__AIM OF THE TASK__. Every line below should be repeated exactly.

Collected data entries
(* Greedy induction on r and k: in an (r+1)-colouring of an interval of length
   M(k;r+1) + Delta + M(k+1;r) - 1, the first M(k;r+1) points carry a
   monochromatic k-wave ending at x with last gap g <= Delta = Delta^{M(k;r+1)}(k;r+1).
   Either one of the next M(k+1;r) points from x + g on has the colour of x and
   extends the wave, or that window misses this colour and so contains a
   monochromatic (k+1)-wave in the remaining r colours.  Both outcomes have last
   gap at most Delta + M(k+1;r), which gives the recursion for Delta as well.
   Pascal's rule then yields M(k;r) <= C(k+2r-2, 2r-1) = k(k+1)...(k+2r-2)/(2r-1)!,
   a polynomial in k with leading term k^(2r-1)/(2r-1)!. *)

Set Implicit Arguments.
Unset Strict Implicit.
Unset Printing Implicit Defensive.

Lemma ascending_waveP s :
  reflect (sorted ltn s /\ forall i, 0 < i -> i.+1 < size s ->
             nth 0 s i - nth 0 s i.-1 <= nth 0 s i.+1 - nth 0 s i)
          (ascending_wave s).
Proof.
apply: (iffP andP) => -[sorted_s gaps]; split=> //.
  move=> i i_gt0 lt_i_s; have /implyP := forallP gaps (Ordinal (ltnW lt_i_s)).
  by rewrite /= i_gt0 lt_i_s; apply.
by apply/forallP => i; apply/implyP => /andP[]; apply: gaps.
Qed.

Lemma ascending_wave_shift c s : ascending_wave (map (addn c) s) = ascending_wave s.
Proof.
have sorted_shift : sorted ltn (map (addn c) s) = sorted ltn s.
  by apply: mono_sorted => x y; rewrite /= ltn_add2l.
apply/ascending_waveP/ascending_waveP; rewrite sorted_shift size_map => -[sorted_s gaps];
  split=> // i i_gt0 lt_i_s; have := gaps i i_gt0 lt_i_s; rewrite !(nth_map 0) //; lia.
Qed.

Definition final_gap (s : seq nat) := nth 0 s (size s).-1 - nth 0 s (size s).-2.
(* Fix any $(2^{nR},2^{nR_f},n)$ code for the wiretap channel with causal state information and secure feedback described in the context, and let $M,X^n,Y^n,Z^n,S^n,K_f^n$ be the induced random variables. Then for each $j\in\{1,\dots,n\}$, \begin{multline*} H(K^{j}_{f}|Z^{j},S^{j})+I(M,X^{j};Y^{j}|K^{j}_{f},Z^{j},S^{j})+H(S^{j}|Z^{j})\\ \le H(K^{j-1}_{f}|Z^{j-1},S^{j-1})+I(M,X^{j-1};Y^{j-1}|K^{j-1}_{f},Z^{j-1},S^{j-1})+H(S^{j-1}|Z^{j-1})\\ +H(K_{j}^{f}|M,X^{j-1},K^{j-1}_{f},Z^{j-1},S^{j-1})+I(X_{j};Y_{j}|Z_{j},S_{j})+H(S_{j}|Z_{j}), \end{multline*} where quantities involving sequences of length $0$ are interpreted with empty sequences.
   Context: Model: finite alphabets; state $S^n$ i.i.d. $\sim p(s)$; memoryless channel $p(y_i,z_i|x^i,y^{i-1},z^{i-1},s_i)=p(y_i,z_i|x_i,s_i)$, with $Y$ the legitimate output and $Z$ the eavesdropper output. The message $M$ is uniform on $\{1,\dots,2^{nR}\}$ and independent of $S^n$. Feedback symbols $K^f_i$, $i=1,\dots,n$, are generated according to $p(k^f_i|y^{i-1},k_f^{i-1})$, where $K^{i}_f=(K^f_1,\dots,K^f_i)$ denotes the feedback vector (and $K^f_i$ a single symbol); the encoder produces $X_i$ according to $p(x_i|m,x^{i-1},s^i,k_f^i)$. Notation $A^j=(A_1,\dots,A_j)$. *)

From HB Require Import structures.
From mathcomp Require Import all_boot all_order all_algebra.
From mathcomp Require Import reals exp.
Set Implicit Arguments. Unset Strict Implicit. Unset Printing Implicit Defensive.
Import Order.TTheory GRing.Theory Num.Theory.
Local Open Scope ring_scope.

Section Info.
Variables (R : realType) (T : finType) (P : T -> R).

Definition log2 (x : R) : R := ln x / ln 2.

Definition prob (E : pred T) : R := \sum_(w | E w) P w.

Definition condH (TA TB : eqType) (A : T -> TA) (B : T -> TB) : R :=
  - \sum_w P w *
      log2 (prob (fun w' => (A w' == A w) && (B w' == B w)) /
            prob (fun w' => B w' == B w)).

Definition condMI (TA TB TC : eqType) (A : T -> TA) (B : T -> TB) (C : T -> TC) : R :=
  condH A C - condH A (fun w => (B w, C w)).
End Info.

(* seqpre g^j = (g_1,...,g_j) of a length-n sequence (0-based: g 0,...,g (j-1)) *)
Definition seqpre (n : nat) (A : Type) (g : {ffun 'I_n -> A}) (j : nat) : seq A :=
  [seq g i | i : 'I_n <- enum 'I_n & (i < j)%N].

Section Code.
Variables (R : realType) (n : nat) (M X Y Z S K : finType).

Definition Omega := (M * {ffun 'I_n -> X} * {ffun 'I_n -> Y} * {ffun 'I_n -> Z}
                       * {ffun 'I_n -> S} * {ffun 'I_n -> K})%type.

Definition msg (w : Omega) : M := w.1.1.1.1.1.
Definition xs (w : Omega) : {ffun 'I_n -> X} := w.1.1.1.1.2.
Definition ys (w : Omega) : {ffun 'I_n -> Y} := w.1.1.1.2.
Definition zs (w : Omega) : {ffun 'I_n -> Z} := w.1.1.2.
Definition ss (w : Omega) : {ffun 'I_n -> S} := w.1.2.
Definition ks (w : Omega) : {ffun 'I_n -> K} := w.2.

(* pS      : state distribution p(s)
   W x s y z : channel p(y,z|x,s)
   f i y^{i} k^{i} k : feedback p(k^f_{i+1} | y^{i}, k_f^{i})   (time i is 0-based)
   e i m x^{i} s^{i+1} k^{i+1} x : encoder p(x_{i+1} | m, x^{i}, s^{i+1}, k_f^{i+1}) *)
Variables (pS : S -> R) (W : X -> S -> Y -> Z -> R)
          (f : nat -> seq Y -> seq K -> K -> R)
          (e : nat -> M -> seq X -> seq S -> seq K -> X -> R).

Definition joint (w : Omega) : R :=
  (#|M|%:R)^-1 *
  \prod_(i < n)
     (pS (ss w i)
      * f i (seqpre (ys w) i) (seqpre (ks w) i) (ks w i)
      * e i (msg w) (seqpre (xs w) i) (seqpre (ss w) i.+1) (seqpre (ks w) i.+1) (xs w i)
      * W (xs w i) (ss w i) (ys w i) (zs w i)).
End Code.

__RESPONSE TO THIS TASK__.
(* Greedy induction on r and k: in an (r+1)-colouring of an interval of length
   M(k;r+1) + Delta + M(k+1;r) - 1, the first M(k;r+1) points carry a
   monochromatic k-wave ending at x with last gap g <= Delta = Delta^{M(k;r+1)}(k;r+1).
   Either one of the next M(k+1;r) points from x + g on has the colour of x and
   extends the wave, or that window misses this colour and so contains a
   monochromatic (k+1)-wave in the remaining r colours.  Both outcomes have last
   gap at most Delta + M(k+1;r), which gives the recursion for Delta as well.
   Pascal's rule then yields M(k;r) <= C(k+2r-2, 2r-1) = k(k+1)...(k+2r-2)/(2r-1)!,
   a polynomial in k with leading term k^(2r-1)/(2r-1)!. *)

Set Implicit Arguments.
Unset Strict Implicit.
Unset Printing Implicit Defensive.

Lemma ascending_waveP s :
  reflect (sorted ltn s /\ forall i, 0 < i -> i.+1 < size s ->
             nth 0 s i - nth 0 s i.-1 <= nth 0 s i.+1 - nth 0 s i)
          (ascending_wave s).
Proof.
apply: (iffP andP) => -[sorted_s gaps]; split=> //.
  move=> i i_gt0 lt_i_s; have /implyP := forallP gaps (Ordinal (ltnW lt_i_s)).
  by rewrite /= i_gt0 lt_i_s; apply.
by apply/forallP => i; apply/implyP => /andP[]; apply: gaps.
Qed.

Lemma ascending_wave_shift c s : ascending_wave (map (addn c) s) = ascending_wave s.
Proof.
have sorted_shift : sorted ltn (map (addn c) s) = sorted ltn s.
  by apply: mono_sorted => x y; rewrite /= ltn_add2l.
apply/ascending_waveP/ascending_waveP; rewrite sorted_shift size_map => -[sorted_s gaps];
  split=> // i i_gt0 lt_i_s; have := gaps i i_gt0 lt_i_s; rewrite !(nth_map 0) //; lia.
Qed.

Definition final_gap (s : seq nat) := nth 0 s (size s).-1 - nth 0 s (size s).-2.
(* Fix any $(2^{nR},2^{nR_f},n)$ code for the wiretap channel with causal state information and secure feedback described in the context, and let $M,X^n,Y^n,Z^n,S^n,K_f^n$ be the induced random variables. Then for each $j\in\{1,\dots,n\}$, \begin{multline*} H(K^{j}_{f}|Z^{j},S^{j})+I(M,X^{j};Y^{j}|K^{j}_{f},Z^{j},S^{j})+H(S^{j}|Z^{j})\\ \le H(K^{j-1}_{f}|Z^{j-1},S^{j-1})+I(M,X^{j-1};Y^{j-1}|K^{j-1}_{f},Z^{j-1},S^{j-1})+H(S^{j-1}|Z^{j-1})\\ +H(K_{j}^{f}|M,X^{j-1},K^{j-1}_{f},Z^{j-1},S^{j-1})+I(X_{j};Y_{j}|Z_{j},S_{j})+H(S_{j}|Z_{j}), \end{multline*} where quantities involving sequences of length $0$ are interpreted with empty sequences.
   Context: Model: finite alphabets; state $S^n$ i.i.d. $\sim p(s)$; memoryless channel $p(y_i,z_i|x^i,y^{i-1},z^{i-1},s_i)=p(y_i,z_i|x_i,s_i)$, with $Y$ the legitimate output and $Z$ the eavesdropper output. The message $M$ is uniform on $\{1,\dots,2^{nR}\}$ and independent of $S^n$. Feedback symbols $K^f_i$, $i=1,\dots,n$, are generated according to $p(k^f_i|y^{i-1},k_f^{i-1})$, where $K^{i}_f=(K^f_1,\dots,K^f_i)$ denotes the feedback vector (and $K^f_i$ a single symbol); the encoder produces $X_i$ according to $p(x_i|m,x^{i-1},s^i,k_f^i)$. Notation $A^j=(A_1,\dots,A_j)$. *)

From HB Require Import structures.
From mathcomp Require Import all_boot all_order all_algebra.
From mathcomp Require Import reals exp.
Set Implicit Arguments. Unset Strict Implicit. Unset Printing Implicit Defensive.
Import Order.TTheory GRing.Theory Num.Theory.
Local Open Scope ring_scope.

Section Info.
Variables (R : realType) (T : finType) (P : T -> R).

Definition log2 (x : R) : R := ln x / ln 2.

Definition prob (E : pred T) : R := \sum_(w | E w) P w.

Definition condH (TA TB : eqType) (A : T -> TA) (B : T -> TB) : R :=
  - \sum_w P w *
      log2 (prob (fun w' => (A w' == A w) && (B w' == B w)) /
            prob (fun w' => B w' == B w)).

Definition condMI (TA TB TC : eqType) (A : T -> TA) (B : T -> TB) (C : T -> TC) : R :=
  condH A C - condH A (fun w => (B w, C w)).
End Info.

(* seqpre g^j = (g_1,...,g_j) of a length-n sequence (0-based: g 0,...,g (j-1)) *)
Definition seqpre (n : nat) (A : Type) (g : {ffun 'I_n -> A}) (j : nat) : seq A :=
  [seq g i | i : 'I_n <- enum 'I_n & (i < j)%N].

Section Code.
Variables (R : realType) (n : nat) (M X Y Z S K : finType).

Definition Omega := (M * {ffun 'I_n -> X} * {ffun 'I_n -> Y} * {ffun 'I_n -> Z}
                       * {ffun 'I_n -> S} * {ffun 'I_n -> K})%type.

Definition msg (w : Omega) : M := w.1.1.1.1.1.
Definition xs (w : Omega) : {ffun 'I_n -> X} := w.1.1.1.1.2.
Definition ys (w : Omega) : {ffun 'I_n -> Y} := w.1.1.1.2.
Definition zs (w : Omega) : {ffun 'I_n -> Z} := w.1.1.2.
Definition ss (w : Omega) : {ffun 'I_n -> S} := w.1.2.
Definition ks (w : Omega) : {ffun 'I_n -> K} := w.2.

(* pS      : state distribution p(s)
   W x s y z : channel p(y,z|x,s)
   f i y^{i} k^{i} k : feedback p(k^f_{i+1} | y^{i}, k_f^{i})   (time i is 0-based)
   e i m x^{i} s^{i+1} k^{i+1} x : encoder p(x_{i+1} | m, x^{i}, s^{i+1}, k_f^{i+1}) *)
Variables (pS : S -> R) (W : X -> S -> Y -> Z -> R)
          (f : nat -> seq Y -> seq K -> K -> R)
          (e : nat -> M -> seq X -> seq S -> seq K -> X -> R).

Definition joint (w : Omega) : R :=
  (#|M|%:R)^-1 *
  \prod_(i < n)
     (pS (ss w i)
      * f i (seqpre (ys w) i) (seqpre (ks w) i) (ks w i)
      * e i (msg w) (seqpre (xs w) i) (seqpre (ss w) i.+1) (seqpre (ks w) i.+1) (xs w i)
      * W (xs w i) (ss w i) (ys w i) (zs w i)).
End Code.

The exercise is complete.